Muitas das vias de sinalização têm sido implicados no desenvolvimento e regeneração epidérmica. Alguns destes ocorrem dentroapenas a epiderme, tais como a via hedgehog. Outros eventos de sinalização ocorrem entre derme e epiderme 3. Por exemplo, os sinais de Wnt da derme são considerados como sendo importantes para o desenvolvimento do folículo de cabelo, e que são segregadas por a papila dérmica no início da fase anágena para activar a proliferação de células estaminais / progenitoras do folículo de cabelo e crescimento protuberância folículo piloso 4. É importante compreender os mecanismos celulares e moleculares que controlam o desenvolvimento epidérmica e regeneração para entender melhor como eles podem ser perturbado na doença de pele regenerativa, como câncer de pele.

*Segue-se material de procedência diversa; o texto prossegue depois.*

(* Let $(S,\cdot)$ be a discrete semigroup and let $\mathcal{F}$ be a filter on $S$ such that $\overline{\mathcal{F}}=\bigcap_{F\in\mathcal{F}}\overline{F}\subseteq\beta S$ is a (closed) subsemigroup of $\beta S$. Let $B\subseteq S$. Then $B$ is $\mathcal{F}$-central if and only if there exist a dynamical system $(X,\langle T_s\rangle_{s\in S})$, points $x,y\in X$ and a neighbourhood $U$ of $y$ such that $x$ and $y$ are $\mathcal{F}$-proximal, $y$ is $\mathcal{F}$-uniformly recurrent, and $B=\{s\in S: T_s(x)\in U\}$.
   Context: $\beta S$ is the Stone–Čech compactification of the discrete semigroup $S$ (the space of ultrafilters on $S$), with the operation extended so that $(\beta S,\cdot)$ is a compact right topological semigroup; $A\in p\cdot q$ iff $\{x\in S: x^{-1}A\in q\}\in p$, where $x^{-1}A=\{y\in S: xy\in A\}$. For a filter $\mathcal{F}$ on $S$, $\overline{\mathcal{F}}=\bigcap_{F\in\mathcal{F}}\overline{F}$ is the set of ultrafilters containing $\mathcal{F}$. For a compact Hausdorff right topological semigroup $T$, $K(T)$ denotes its smallest two-sided ideal. A set $C\subseteq S$ is $\mathcal{F}$-central if there is an idempotent $p\in K(\overline{\mathcal{F}})$ with $C\in p$. A dynamical system $(X,\langle T_s\rangle_{s\in S})$ consists of a compact (Hausdorff) space $X$ and continuous maps $T_s:X\to X$ with $T_s\circ T_t=T_{st}$ for all $s,t\in S$. A set $A\subseteq S$ is $\mathcal{F}$-syndetic if for every $F\in\mathcal{F}$ there is a finite $G\subseteq F$ with $G^{-1}A=\bigcup_{t\in G}t^{-1}A\in\mathcal{F}$. A point $x\in X$ is $\mathcal{F}$-uniformly recurrent if for every neighbourhood $U$ of $x$, $\{s\in S: T_s(x)\in U\}$ is $\mathcal{F}$-syndetic. Points $x,y\in X$ are $\mathcal{F}$-proximal if for every neighbourhood $U$ of the diagonal in $X\times X$ and every $F\in\mathcal{F}$ there is $s\in F$ with $(T_s(x),T_s(y))\in U$. *)

From HB Require Import structures.
From mathcomp Require Import all_boot all_order.
From mathcomp Require Import all_classical all_reals topology.
Set Implicit Arguments. Unset Strict Implicit. Unset Printing Implicit Defensive.
Local Open Scope classical_set_scope.

Section Defs.
Variables (S : Type) (op : S -> S -> S).

Definition is_filter (F : set (set S)) : Prop :=
  [/\ F setT, ~ F set0,
      (forall A B, F A -> F B -> F (A `&` B)) &
      (forall A B, A `<=` B -> F A -> F B)].

Definition is_ultrafilter (p : set (set S)) : Prop :=
  is_filter p /\ (forall A, p A \/ p (~` A)).

Definition linv (x : S) (A : set S) : set S := [set y | A (op x y)].

(** The extended operation on beta S: A in p.q iff {x | x^{-1}A in q} in p. *)
Definition uprod (p q : set (set S)) : set (set S) :=
  [set A | p [set x | q (linv x A)]].

(** closure of F : the ultrafilters containing the filter F *)
Definition Fbar (F : set (set S)) (p : set (set S)) : Prop :=
  is_ultrafilter p /\ F `<=` p.

Definition Fbar_subsemigroup (F : set (set S)) : Prop :=
  forall p q, Fbar F p -> Fbar F q -> Fbar F (uprod p q).

Definition Fbar_ideal (F : set (set S)) (I : set (set (set S))) : Prop :=
  [/\ I `<=` Fbar F, I !=set0,
      (forall p q, Fbar F p -> I q -> I (uprod p q)) &
      (forall p q, I p -> Fbar F q -> I (uprod p q))].

Definition in_K_Fbar (F : set (set S)) (p : set (set S)) : Prop :=
  forall I, Fbar_ideal F I -> I p.

Definition F_central (F : set (set S)) (C : set S) : Prop :=
  exists p, [/\ Fbar F p, in_K_Fbar F p, uprod p p = p & p C].

Definition setlinv (G A : set S) : set S := [set y | exists2 t, G t & A (op t y)].

Definition F_syndetic (F : set (set S)) (A : set S) : Prop :=
  forall E, F E -> exists G : set S, [/\ finite_set G, G `<=` E & F (setlinv G A)].

Definition dynamical_system (X : topologicalType) (T : S -> X -> X) : Prop :=
  [/\ compact [set: X], hausdorff_space X,
      (forall s, continuous (T s)) &
      (forall s t, T s \o T t = T (op s t))].

Definition F_uniformly_recurrent (F : set (set S)) (X : topologicalType)
    (T : S -> X -> X) (x : X) : Prop :=
  forall U, nbhs x U -> F_syndetic F [set s | U (T s x)].

Definition diag_nbhs (X : topologicalType) (U : set (X * X)) : Prop :=
  exists V : set (X * X), [/\ open V, (forall z : X, V (z, z)) & V `<=` U].

Definition F_proximal (F : set (set S)) (X : topologicalType)
    (T : S -> X -> X) (x y : X) : Prop :=
  forall U E, diag_nbhs U -> F E -> exists2 s, E s & U (T s x, T s y).

End Defs.

From HB Require Import structures.
From mathcomp Require Import all_boot all_order.
From mathcomp Require Import all_classical all_reals topology.
Local Open Scope classical_set_scope.

Set Implicit Arguments. Unset Strict Implicit. Unset Printing Implicit Defensive.

(* Closed subsets of beta S are represented by filters: a filter [H] stands for
   [Fbar H], and enlarging the filter shrinks the closed set.  Zorn's lemma on
   filters therefore yields minimal closed subsemigroups, which consist of
   idempotents (Ellis), and minimal left ideals of [Fbar F], which lie in K.
   If [B] belongs to an idempotent [p] of K, take the shift on the subsets of
   S with an identity adjoined, [x] the indicator of [B] and [y] the [p]-limit
   of the orbit of [x]: idempotency makes [y] its own [p]-limit, which gives
   proximality, and [p] in K gives uniform recurrence of [y].  Conversely,
   proximality yields [p] in [Fbar F] sending [x] and [y] to a common limit;
   in a minimal left ideal inside [Fbar F * p] the ultrafilters fixing [y] form
   a closed subsemigroup, nonempty by uniform recurrence, and an idempotent
   [u = w p] of it sends [x] where it sends [y], namely to [y], so
   [{s | T s x \in U}] belongs to [u]. *)

Section Filters.
Variable S : Type.
Implicit Types (G H p q r : set (set S)) (A B Z : set S).

Lemma is_filterT G : is_filter G -> G setT. Proof. by case. Qed.

Lemma is_filter_neq0 G : is_filter G -> ~ G set0. Proof. by case. Qed.

Lemma is_filterI G A B : is_filter G -> G A -> G B -> G (A `&` B).
Proof. by case=> _ _ GI _; apply: GI. Qed.

Lemma is_filterS G A B : is_filter G -> A `<=` B -> G A -> G B.
Proof. by case=> _ _ _ GS; apply: GS. Qed.

Lemma is_filter_meet G A B : is_filter G -> G A -> G B -> A `&` B !=set0.
Proof.
move=> hG GA GB; apply/set0P/negP => /eqP AB0.
by apply: (is_filter_neq0 hG); rewrite -AB0; apply: is_filterI.
Qed.

Lemma is_filter_proper G : is_filter G -> ProperFilter G.
Proof.
move=> hG; constructor; first exact: is_filter_neq0.
constructor; first exact: is_filterT.
- by move=> A B; apply: is_filterI.
- by move=> A B; apply: is_filterS.
Qed.

Lemma ultrafilter_filter p : is_ultrafilter p -> is_filter p. Proof. by case. Qed.

Lemma ultrafilterC p A : is_ultrafilter p -> p (~` A) <-> ~ p A.
Proof.
move=> [hp pA]; split; last by case: (pA A).
move=> pnA pA'; apply: (is_filter_neq0 hp); rewrite -(setICr A).
exact: is_filterI.
Qed.

Lemma ultrafilter_maximal p q : is_ultrafilter p -> is_ultrafilter q ->
  p `<=` q -> p = q.
Proof.
move=> Up Uq pq; apply/seteqP; split => // A qA.
apply: contrapT => /(ultrafilterC A Up)/pq.
by move/(ultrafilterC A Uq).
Qed.

Lemma Fbar_filter G p : Fbar G p -> is_filter p. Proof. by case=> [[]]. Qed.

Lemma Fbar_sub G H p : G `<=` H -> Fbar H p -> Fbar G p.
Proof. by move=> GH [Up Hp]; split => // A /GH/Hp. Qed.

Lemma exists_ultrafilter G : is_filter G -> exists p, Fbar G p.
Proof.
move=> /is_filter_proper/ultraFilterLemma [p [Up Gp]].
exists p; split => //; split; last by move=> A; apply: in_ultra_setVsetC.
split; [exact: filterT | exact: filter_not_empty |
        by move=> A B; apply: filterI | by move=> A B; apply: filterS].
Qed.

Lemma exists_Fbar_containing G (Z : set (set S)) : is_filter G -> Z setT ->
  (forall A B, Z A -> Z B -> Z (A `&` B)) ->
  (forall A B, G A -> Z B -> A `&` B !=set0) ->
  exists p, Fbar G p /\ Z `<=` p.
Proof.
move=> hG ZT ZI GZ.
pose H := [set C | exists A B, [/\ G A, Z B & A `&` B `<=` C]].
have hH : is_filter H.
  split.
  - by exists setT, setT; split => //; apply: is_filterT.
  - by move=> [A [B [GA ZB AB0]]]; case: (GZ _ _ GA ZB) => w /AB0.
  - move=> C C' [A [B [GA ZB ABC]]] [A' [B' [GA' ZB' ABC']]].
    exists (A `&` A'), (B `&` B'); split; [exact: is_filterI | exact: ZI |].
    by move=> w [[? ?] [? ?]]; split; [apply: ABC | apply: ABC'].
  - move=> C C' CC' [A [B [GA ZB ABC]]]; exists A, B; split => //.
    exact: subset_trans CC'.
have [p [Up Hp]] := exists_ultrafilter hH.
exists p; split; [split=> // A GA | move=> B ZB]; apply: Hp.
- by exists A, setT; split => //; apply: subIsetl.
- by exists setT, B; split; [apply: is_filterT | | apply: subIsetr].
Qed.

Lemma exists_Fbar_in G Z : is_filter G -> (forall A, G A -> A `&` Z !=set0) ->
  exists p, Fbar G p /\ p Z.
Proof.
move=> hG GZ.
have [|||p [Gp Zp]] := @exists_Fbar_containing G [set C | Z `<=` C] hG.
- by [].
- by move=> A B ZA ZB w Zw; split; [apply: ZA | apply: ZB].
- by move=> A B GA ZB; case: (GZ A GA) => w [Aw /ZB Bw]; exists w.
by exists p; split => //; apply: Zp.
Qed.

Lemma Fbar_filter_mem G A : is_filter G -> (forall p, Fbar G p -> p A) -> G A.
Proof.
move=> hG GA; apply: contrapT => nGA.
have [|p [[Up Gp] pnA]] := @exists_Fbar_in G (~` A) hG.
  move=> E GE; apply/set0P/negP => /eqP EnA0; apply: nGA.
  apply: is_filterS hG _ GE => w Ew; apply: contrapT => nAw.
  by have : (E `&` ~` A) w by []; rewrite EnA0.
by move/(ultrafilterC A Up): pnA; apply; apply: GA.
Qed.

Definition meet_filter (Q : set (set (set S))) : set (set S) :=
  [set A | forall q, Q q -> q A].

Lemma meet_filter_filter Q : Q `<=` @is_filter S -> Q !=set0 ->
  is_filter (meet_filter Q).
Proof.
move=> QF [q0 Qq0]; split.
- by move=> q /QF /is_filterT.
- by move=> h; apply: (is_filter_neq0 (QF _ Qq0)); apply: h.
- by move=> A B hA hB q Qq; apply: is_filterI (QF _ Qq) (hA q Qq) (hB q Qq).
- by move=> A B AB hA q Qq; apply: is_filterS (QF _ Qq) AB (hA q Qq).
Qed.

Definition maximal_filter (P : set (set (set S))) H :=
  [/\ is_filter H, P H & forall H', is_filter H' -> P H' -> H `<=` H' -> H' `<=` H].

Lemma bigcup_chain_filter (C : set (set (set S))) : C `<=` @is_filter S ->
  C !=set0 -> total_on C subset -> is_filter (\bigcup_(X in C) X).
Proof.
move=> CF [X0 CX0] Ctot; split.
- by exists X0 => //; apply: is_filterT (CF _ CX0).
- by move=> [X CX]; apply: is_filter_neq0 (CF _ CX).
- move=> A B [X CX XA] [Y CY YB].
  have [XY|YX] := Ctot _ _ CX CY.
    by exists Y => //; apply: is_filterI (CF _ CY) (XY _ XA) YB.
  by exists X => //; apply: is_filterI (CF _ CX) XA (YX _ YB).
- by move=> A B AB [X CX XA]; exists X => //; apply: is_filterS (CF _ CX) AB XA.
Qed.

Este artigo descreve um lear C, U nobstructed B chuva Eu cocktails maging e C análise omputational protocolo de 5-7 (cúbico) para esclarecer preparações para a pele de montagem integrais, e visualizar os padrões de expressão de proteína em 3 dimensões com resolução de uma única célula por microscopia confocal. O método envolve a imersão de CUBIC peletecido em dois cocktails químicos à base de aminoálcool. Estas soluções ajustar os índices de refracção da amostra da pele, deixando o tecido transparente e as proteínas intactas, permitindo a imunodetecção de resolução de célula única.

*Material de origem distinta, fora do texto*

Lemma line_adj_cay_adj g h : is_reduced d k g -> is_reduced d k h ->
  line_adj d k (act g root_cell) (act h root_cell) -> cay_adj d k g h.
Proof.
move=> hg hh [ne [sigma [hf [s1 s2]]]].
have ht : is_cell d k (act g root_cell) by apply: act_cell (reduced_pos_bounded hg).
have ht' : is_cell d k (act h root_cell) by apply: act_cell (reduced_pos_bounded hh).
have [hu [hsz _]] := hf.
have [i hi hpe] := facet_is_face hG ht hu hsz s1.
have [hp [_ [_ [_ [_ htr]]]]] := hO hf.
have [l el] := htr _ _ (conj ht s1) (conj ht' s2).
have e : act1 (i, l %% k) (act g root_cell) = act h root_cell.
  by rewrite -act1_mod // /act1 /= (hp _ hpe).
have hl : 0 < l %% k < k.
  by rewrite ltn_pmod // andbT lt0n; apply/eqP => l0; apply: ne; rewrite -e l0 act1_0.
exists i, (l %% k); do 2!split=> //; left.
apply: act_root_inj hh (lmul_reduced hg _ hl) _; first by rewrite -ltnS.
by rewrite act_lmul // (reduced_pos_bounded hg).
Qed.

End Action.

Theorem corollary5 (d k : nat) (hd : 1 <= d) (hk : 1 <= k)
  (Gam : Vtx -> 'I_d.+1) (Om : seq Vtx -> nat -> Cell -> Cell) :
  is_coloring d k Gam -> is_k_ordering d k Om ->
  let phi := fun g => act d Gam Om g root_cell in
  [/\ (forall g, is_reduced d k g -> is_cell d k (phi g)),
      (forall g h, is_reduced d k g -> is_reduced d k h -> phi g = phi h -> g = h),
      (forall tau, is_cell d k tau -> exists2 g, is_reduced d k g & phi g = tau)
    & (forall g h, is_reduced d k g -> is_reduced d k h ->
         cay_adj d k g h <-> line_adj d k (phi g) (phi h))].
Proof.
move=> hG hO phi; split.
- by move=> g /reduced_pos_bounded; apply: act_cell.
- exact: act_root_inj.
- exact: act_root_surj.
- by move=> g h hg hh; split; [apply: cay_adj_line_adj | apply: line_adj_cay_adj].
Qed.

Usando este protocolo cúbicos, a proliferação basal e populações de queratinócitos na epiderme interfoliculares e no folículo de cabelo foram fotografadas em biópsias de pele de espessura total de ratinhos de tipo selvagem utilizando anticorpos anti-Keratin14 (K14) e anticorpos anti-Ki67. As glândulas sebáceas em biópsias de pele de tipo selvagem também foram visualizados usando Nile Red coloração. Por último, as populações de queratinócitos basais em tipo selvagem e biópsias de pele YAP2-5SA-Sc hiperplásicos foram comparados 8.

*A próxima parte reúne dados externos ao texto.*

(* For every positive integer $k$ there exist $d_k > 0$ and $n_0$ such that for every $n\ge n_0$ the following holds. If $G$ is a $k$-partite $k$-graph with vertex classes $V_1, \dots, V_k$ each of $n$ vertices in which every vertex lies in at least $(1-d_k)n^{k-1}$ edges of $G$, then $G$ contains a perfect matching.
   Context: A $k$-partite $k$-graph with vertex classes $V_1,\dots,V_k$ is a set of $k$-element subsets (edges) of $V_1\cup\dots\cup V_k$ each containing exactly one vertex of each $V_i$. A perfect matching is a set of pairwise disjoint edges covering every vertex. *)

From mathcomp Require Import all_boot all_order all_algebra.
Set Implicit Arguments. Unset Strict Implicit. Unset Printing Implicit Defensive.

(* The vertex set is encoded as pairs (i, v) with i : 'I_k (class) and
   v : 'I_n (vertex within class V_i).  An edge contains exactly one vertex
   of each class, hence is encoded as a function e : 'I_k -> 'I_n
   (e i = the vertex of the edge in class V_i). *)
Definition kpgraph (k n : nat) := {set {ffun 'I_k -> 'I_n}}.

Definition in_edge k n (i : 'I_k) (v : 'I_n) (e : {ffun 'I_k -> 'I_n}) : bool :=
  e i == v.

Definition vdeg k n (G : kpgraph k n) (i : 'I_k) (v : 'I_n) : nat :=
  #|[set e in G | in_edge i v e]|.

Definition perfect_matching k n (G M : kpgraph k n) : Prop :=
  [/\ M \subset G,
      (forall e f, e \in M -> f \in M -> e != f ->
         forall i : 'I_k, e i != f i)
    & (forall (i : 'I_k) (v : 'I_n), exists2 e, e \in M & in_edge i v e)].

From mathcomp Require Import all_boot all_order all_algebra.
From mathcomp Require Import zify lra.
Import Order.TTheory GRing.Theory Num.Theory.
Set Implicit Arguments. Unset Strict Implicit. Unset Printing Implicit Defensive.

(* Take a perfect matching S of the complete k-partite k-graph with as many
   edges in G as possible, and suppose some s0 in S is not an edge of G.
   For a k-tuple x, let e_0 = s0 and let e_(l+1) be the edge of S through the
   vertex x_l of the class V_l.  The k+1 "rotated" edges f_j, whose vertex in
   V_i is that of e_((i+1+j) mod (k+1)), cover exactly the vertices of the
   e_m, and f_0 = x.  So if the e_m are distinct and every f_j lies in G,
   trading the e_m for the f_j gives a better matching.  Few x are bad: for
   j > 0, f_j passes through the vertex of s0 in some class and, together
   with one coordinate, determines x, so it is a non-edge for few x when the
   minimum degree is close to n^(k-1); and e_m = e_(l+1) forces a coordinate
   x_l as a function of the others.  With d = 1/(2(k+1)) and n large, fewer
   than n^k tuples x are bad. *)

Lemma card_bigcup_le (T I : finType) (F : I -> {set T}) :
  #|\bigcup_i F i| <= \sum_i #|F i|.
Proof.
apply: (big_ind2 (fun (A : {set T}) s => #|A| <= s)) => [|A1 s1 A2 s2 h1 h2|//].
  by rewrite cards0.
exact: leq_trans (leq_card_setU A1 A2) (leq_add h1 h2).
Qed.

Lemma card_ffun_ord k n : #|{ffun 'I_k -> 'I_n}| = n ^ k.
Proof. by rewrite card_ffun !card_ord. Qed.

Definition ffun_upd k n (e : {ffun 'I_k -> 'I_n}) (i : 'I_k) (w : 'I_n) :
  {ffun 'I_k -> 'I_n} := [ffun l => if l == i then w else e l].

Lemma ffun_upd_eq k n (x y : {ffun 'I_k -> 'I_n}) i w w' :
  ffun_upd x i w = ffun_upd y i w' -> x i = y i -> x = y.
Proof.
move=> h hi; apply/ffunP => l; case: (eqVneq l i) => [-> //|nl].
by have := congr1 (fun f : {ffun _ -> _} => f l) h; rewrite !ffunE (negbTE nl).
Qed.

Este protocolo permite CUBIC avaliação visual da expressão da proteína em biópsias de pele de espessura total com resolução de uma única célula, e é uma ferramenta importante para apreciar a anatomia da epiderme e defeitos morfológicos na pele de organismos geneticamente modificadosratos, e investigar os mecanismos celulares e moleculares subjacentes ao desenvolvimento da epiderme e regeneração.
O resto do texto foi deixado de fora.